For all it’s material flaws, India represents an advanced personality on Earth, an eternal landscape, a spiritual sanctuary, and the opportunity to attune to the mother of Yoga.

 
One of the most profound, sweet, and mind-blowing experiences I’ve ever had was a walk around Walden Pond in Concord, Massachusetts. I had moved back from a long career as an actor. Living in New York City for a decade and then Los Angeles got the best of me, and surfaced the saddest of me as well. In coming ‘back home’, I truly found just that, home here on Earth within Bhakti Yoga.

This walk around Walden was with the first time I experienced live hari-katha, discussion about the Divine, with a Vaisnava monk in the order of my Gurudeva.

We walked around sharing. I told stories of how I found Gurudeva and the devotees Nimai Caitanya and our reading of the Jaiva Dharma. He told me pastimes. Maharaja shared the pastime of Radha sitting on the lap of Krsna while Madhu tried to get the bee away from them. That bee was in total ecstasy being around them, and Radha could feel his pain of being swatted away. In fact, even though she was in Krsna’s lap, she embodied so much intense pure love for him, that the idea of the bee being forced away from him got her insanely emotional. While still on his lap!

This pastime gave me an aha moment I had never received from any of the religions or cultures I had studied.

So vivid was my connection with this, so clearly did it explain my moods in youth, that I was forever seated in my own spiritual drivers seat. From then on, I would hear that pastime and hundreds like, over and over again gaining more personal insight to my souls blueprint than I could have ever imagined.

This souls connection to my own true identity is the cornerstone of bhakti.
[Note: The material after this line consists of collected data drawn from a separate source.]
(* Let $X$ be a shift space over $\mathcal{A}$, let $\sigma:\mathcal{A}^*\to\mathcal{B}^*$ be an injective and strongly left proper morphism with first letter $\ell$, let $Y$ be the image of $X$ under $\sigma$ and let $u$ be a non-empty word in $\mathcal{L}(Y)$. If $\ell$ does not occur in $u$, then there exists $b\in\mathcal{A}$ such that $u$ is a non-prefix factor of $\sigma(b)$. Otherwise, there is a unique triple $(s,v,p)\in\mathcal{B}^*\times\mathcal{L}(X)\times\mathcal{B}^*$ for which there exists a pair $(a,b)\in E_X(v)$ such that $u=s\sigma(v)p$, $s$ is a proper suffix of $\sigma(a)$ and $p$ is a non-empty prefix of $\sigma(b)$. Moreover, in the case where $\ell$ occurs in $u$, $$E_Y(u)=\{(a',b')\in\mathcal{B}\times\mathcal{B}\mid \exists (a,b)\in E_X(v):\ \sigma(a)\in\mathcal{B}^*a's\ \wedge\ \sigma(b)\ell\in pb'\mathcal{B}^*\}.$$
   Context: A shift space over a finite alphabet $\mathcal{A}$ is a closed shift-invariant $X\subseteq\mathcal{A}^{\mathbb{Z}}$ in which all letters of $\mathcal{A}$ occur; $\mathcal{L}(X)$ is its set of finite factors (including the empty word). For $w\in\mathcal{L}(X)$, $E_X(w)=\{(a,b)\in\mathcal{A}\times\mathcal{A}: awb\in\mathcal{L}(X)\}$. A morphism $\sigma:\mathcal{A}^*\to\mathcal{B}^*$ is a non-erasing monoid morphism; it is strongly left proper with first letter $\ell\in\mathcal{B}$ if for every $a\in\mathcal{A}$, $\sigma(a)$ starts with $\ell$ and $\ell$ occurs exactly once in $\sigma(a)$. The image of $X$ under $\sigma$ is $Y=\{S^k\sigma(x): x\in X, 0\le k<|\sigma(x_0)|\}$ where $S$ is the shift map and $\sigma$ is extended to bi-infinite words by concatenation (with $\sigma(x_0)$ starting at index $0$). *)

From mathcomp Require Import all_boot all_order all_algebra.
Set Implicit Arguments. Unset Strict Implicit. Unset Printing Implicit Defensive.
Import GRing.Theory Num.Theory.
Local Open Scope ring_scope.

Definition window (A : Type) (x : int -> A) (i : int) (n : nat) : seq A :=
  [seq x (i + k%:Z) | k <- iota 0 n].

Definition shift (A : Type) (x : int -> A) : int -> A := fun i => x (i + 1).

(* X is closed in the product topology of A^Z (A discrete): any point all of
   whose central cylinders meet X belongs to X *)
Definition closed_set (A : Type) (X : (int -> A) -> Prop) : Prop :=
  forall x : int -> A,
    (forall n : nat, exists y, X y /\
        forall j : int, - n%:Z <= j <= n%:Z -> y j = x j) -> X x.

Definition shift_invariant (A : Type) (X : (int -> A) -> Prop) : Prop :=
  (forall x, X x -> X (shift x)) /\
  (forall y, X y -> exists x, X x /\ shift x = y).

Definition shift_space (A : Type) (X : (int -> A) -> Prop) : Prop :=
  [/\ closed_set X, shift_invariant X &
      forall a : A, exists x, X x /\ exists i, x i = a].

Definition lang (A : Type) (X : (int -> A) -> Prop) (w : seq A) : Prop :=
  w = [::] \/ exists x, X x /\ exists i, window x i (size w) = w.

Definition ext_set (A : Type) (X : (int -> A) -> Prop) (w : seq A) (a b : A) : Prop :=
  lang X (a :: w ++ [:: b]).

Definition morph (A B : Type) (sigma : A -> seq B) (w : seq A) : seq B :=
  flatten (map sigma w).

Definition non_erasing (A B : Type) (sigma : A -> seq B) : Prop :=
  forall a, sigma a <> [::].

Definition strongly_left_proper (A B : eqType) (sigma : A -> seq B) (l : B) : Prop :=
  forall a, (exists t, sigma a = l :: t) /\ count_mem l (sigma a) = 1%N.

(* z is the bi-infinite word sigma(x), with sigma(x_0) starting at index 0:
   for every n, sigma(x_{-n} ... x_{n-1}) occurs in z starting at index
   -|sigma(x_{-n} ... x_{-1})| *)
Definition sigma_bi (A B : Type) (sigma : A -> seq B) (x : int -> A) (z : int -> B) : Prop :=
  forall n : nat,
    window z (- (size (morph sigma (window x (- n%:Z) n)))%:Z)
             (size (morph sigma (window x (- n%:Z) (n + n))))
    = morph sigma (window x (- n%:Z) (n + n)).

(* image of X under sigma: { S^k sigma(x) | x \in X, 0 <= k < |sigma(x_0)| } *)
Definition image_shift (A B : Type) (X : (int -> A) -> Prop) (sigma : A -> seq B)
  (y : int -> B) : Prop :=
  exists x z (k : nat), [/\ X x, sigma_bi sigma x z, (k < size (sigma (x 0)))%N &
                         forall i, y i = z (i + k%:Z)].

Definition nonprefix_factor (B : Type) (u w : seq B) : Prop :=
  exists s t, s <> [::] /\ w = s ++ u ++ t.

Definition triple_prop (A B : Type) (X : (int -> A) -> Prop) (sigma : A -> seq B)
  (u : seq B) (s : seq B) (v : seq A) (p : seq B) : Prop :=
  lang X v /\
  exists a b, [/\ ext_set X v a b, u = s ++ morph sigma v ++ p,
                  (exists t, t <> [::] /\ sigma a = t ++ s) &
                  (p <> [::] /\ exists r, sigma b = p ++ r)].

From mathcomp Require Import all_boot all_order all_algebra zify.
Set Implicit Arguments. Unset Strict Implicit. Unset Printing Implicit Defensive.
Import Order.TTheory GRing.Theory Num.Theory.
Local Open Scope ring_scope.

(* Each factor u of Y lies in some sigma(x), x in X, which is cut into the blocks
   sigma(x_i).  As l occurs exactly once in every block, at its start, the
   occurrences of l in u are exactly the block boundaries inside u.  Without
   boundaries u lies strictly inside one block.  Otherwise u = s sigma(v) p, where
   s, the part before the first boundary, is a proper suffix of the block
   sigma(a) before, and p, the part from the last boundary on, is a nonempty
   prefix of the block sigma(b) after; the positions of l force s and p, and
   injectivity of sigma then forces v.  The letter left of u is read in sigma(a),
   and the letter right of u in sigma(b) followed by the l starting the next
   block, which gives the extensions of u. *)

Lemma morph_cat (A B : Type) (sigma : A -> seq B) u v :
  morph sigma (u ++ v) = morph sigma u ++ morph sigma v.
Proof. by rewrite /morph map_cat flatten_cat. Qed.

Lemma morph1 (A B : Type) (sigma : A -> seq B) a : morph sigma [:: a] = sigma a.
Proof. by rewrite /morph /= cats0. Qed.

Lemma size_morph_ge (A B : Type) (sigma : A -> seq B) w :
  non_erasing sigma -> (size w <= size (morph sigma w))%N.
Proof.
move=> ne; elim: w => //= a w IHw; rewrite size_cat.
by case: (sigma a) (@ne a) => //= b s _; rewrite addSn ltnS (leq_trans IHw) ?leq_addl.
Qed.

Lemma cat_size_inj (T : Type) (s1 s2 t1 t2 : seq T) :
  size s1 = size s2 -> s1 ++ t1 = s2 ++ t2 -> s1 = s2 /\ t1 = t2.
Proof.
move=> e h; split.
  by move: (congr1 (take (size s1)) h); rewrite take_size_cat // e take_size_cat.
by move: (congr1 (drop (size s1)) h); rewrite drop_size_cat // e drop_size_cat.
Qed.

Section Segments.
Variables (T : Type) (z : int -> T).

Lemma size_window i n : size (window z i n) = n.
Proof. by rewrite size_map size_iota. Qed.

Lemma windowS i n : window z i n.+1 = z i :: window z (i + 1) n.
Proof.
rewrite /window /= addr0 -[1%N]addn0 iotaDl -map_comp.
by congr (_ :: _); apply: eq_map => k /=; rewrite PoszD addrA.
Qed.

Lemma windowD i m n : window z i (m + n) = window z i m ++ window z (i + m%:Z) n.
Proof.
elim: m i => [|m IHm] i; first by rewrite addr0.
by rewrite addSn !windowS IHm -addrA -PoszD add1n.
Qed.

Lemma window1 i : window z i 1 = [:: z i].
Proof. by rewrite windowS. Qed.

(* z_a ... z_(b-1) when a <= b; for b < a it is junk (the window of length |b - a| at a). *)
Definition segment (a b : int) : seq T := window z a (absz (b - a)%R).

Lemma segment_window a n : segment a (a + n%:Z) = window z a n.
Proof. by rewrite /segment (_ : absz (a + n%:Z - a)%R = n) //; lia. Qed.

Lemma size_segment a b : size (segment a b) = absz (b - a)%R.
Proof. exact: size_window. Qed.

Lemma segment_nil a b : a < b -> segment a b <> [::].
Proof. by move=> ab /(congr1 size); rewrite size_segment /=; lia. Qed.

Lemma segment1 a : segment a (a + 1) = [:: z a].
Proof. by rewrite -window1 -segment_window. Qed.

Lemma segment_cons a b : a < b -> segment a b = z a :: segment (a + 1) b.
Proof.
move=> ab; rewrite /segment (_ : absz (b - a)%R = (absz (b - (a + 1))%R).+1) ?windowS //.
lia.
Qed.

Lemma nth_segment d a b k :
  (k < absz (b - a))%N -> nth d (segment a b) k = z (a + k%:Z).
Proof. by move=> kab; rewrite /segment (nth_map 0%N) ?size_iota // nth_iota. Qed.

Lemma segment_cat a b c :
  a <= b -> b <= c -> segment a c = segment a b ++ segment b c.
Proof.
move=> ab bc; rewrite /segment.
rewrite (_ : absz (c - a)%R = (absz (b - a)%R + absz (c - b)%R)%N); last by lia.
by rewrite windowD (_ : a + (absz (b - a)%R)%:Z = b) //; lia.
Qed.

End Segments.

Lemma mem_segment (T : eqType) (z : int -> T) a b m :
  a <= m < b -> z m \in segment z a b.
Proof.
move=> /andP[am mb]; apply/mapP; exists (absz (m - a)%R); last by congr z; lia.
by rewrite mem_iota; lia.
Qed.

Lemma segmentP (T : eqType) (z : int -> T) a b y : a <= b ->
  y \in segment z a b -> exists2 m, a <= m < b & z m = y.
Proof.
move=> ab /mapP[k]; rewrite mem_iota add0n => /andP[_ kab] ->.
by exists (a + k%:Z) => //; lia.
Qed.

Section BlockStarts.
Variables (A B : Type) (sigma : A -> seq B) (x : int -> A).

Local Notation len a b := (size (morph sigma (segment x a b))).

(* The position at which sigma(x_i) starts in sigma(x), sigma(x_0) starting at 0. *)
Definition block_start (i : int) : int :=
  if 0 <= i then (len 0 i)%:Z else - (len i 0)%:Z.

Local Notation pos := block_start.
It is free and it is every soul’s ultimate destination, despite our material birth body, ethnicity, religion, or social creed. It is called sanatana dharma, the eternal function of the soul.

Even Henry David Thoreau, the author of Walden, loved Indian Culture.

How much more admirable the Bhagavad Gita then all the ruins of the East…One sentence of the Gita is worth the State of Massachusetts many times over…”

Our practice of yoga is called rupanuga because we follow the lineage of spontaneous devotion to the divine. It’s a heart-centered primordial yoga, this bhakti. We travel deep into our souls to the very seed, or bija, to remember. Physically we may also travel to the take the dust of these saints upon our head. 

They incarnated in India.

When we act from a heart space, the process and the goal of our practice – which is to say our life – is transformed.

Is Yoga a physical practice? Yes. We have bodies and must learn self-care and self-love. But that is only the beginning.

Within India there exists an eternal landscape, a place naked and inherently spiritual. Of course, technopoly has invaded the cities. There is a disconnect between the ancient ways and the new, there is violence and pollution. But that does not change what India is, Who India is, and the fact that these pure souls are born there. 

The first secret of all yoga is that we are not these bodies. We are not this material plane at all. We are spiritual beings having a human embodied experience. There are people who live an exceptionally clean life. They understand the modes of material nature, they understand dharma, they understand devotion, and they live that way spirit generation after spirit generation. 

 

A funny thing happens when we take our annual Yoga Journey to India. We visit three places – Vridavan in Uttar Pradesh, Jaganath Puri in Orissa, and Navadwip off the coast of West Bengal. Our students quickly find that physical practice becomes automatic, it’s form and function becomes vividly real. All of our concerns, judgements and anxieties about our bodies and doing it right melt away.

Movement is spontaneous, it’s always appropriate, and it feels awesome.

Our minds surrender too, with the body as the gateway. We are confronted with our own veiled psyches. We see trash, babies pooping on the ground, cows in the street. And this melts our hearts, as it shifts our consciousness.

We go to India to enter into a flow beyond time, place and circumstance. To become enraptured, if even for a moment, in the merciful truth of our true identity.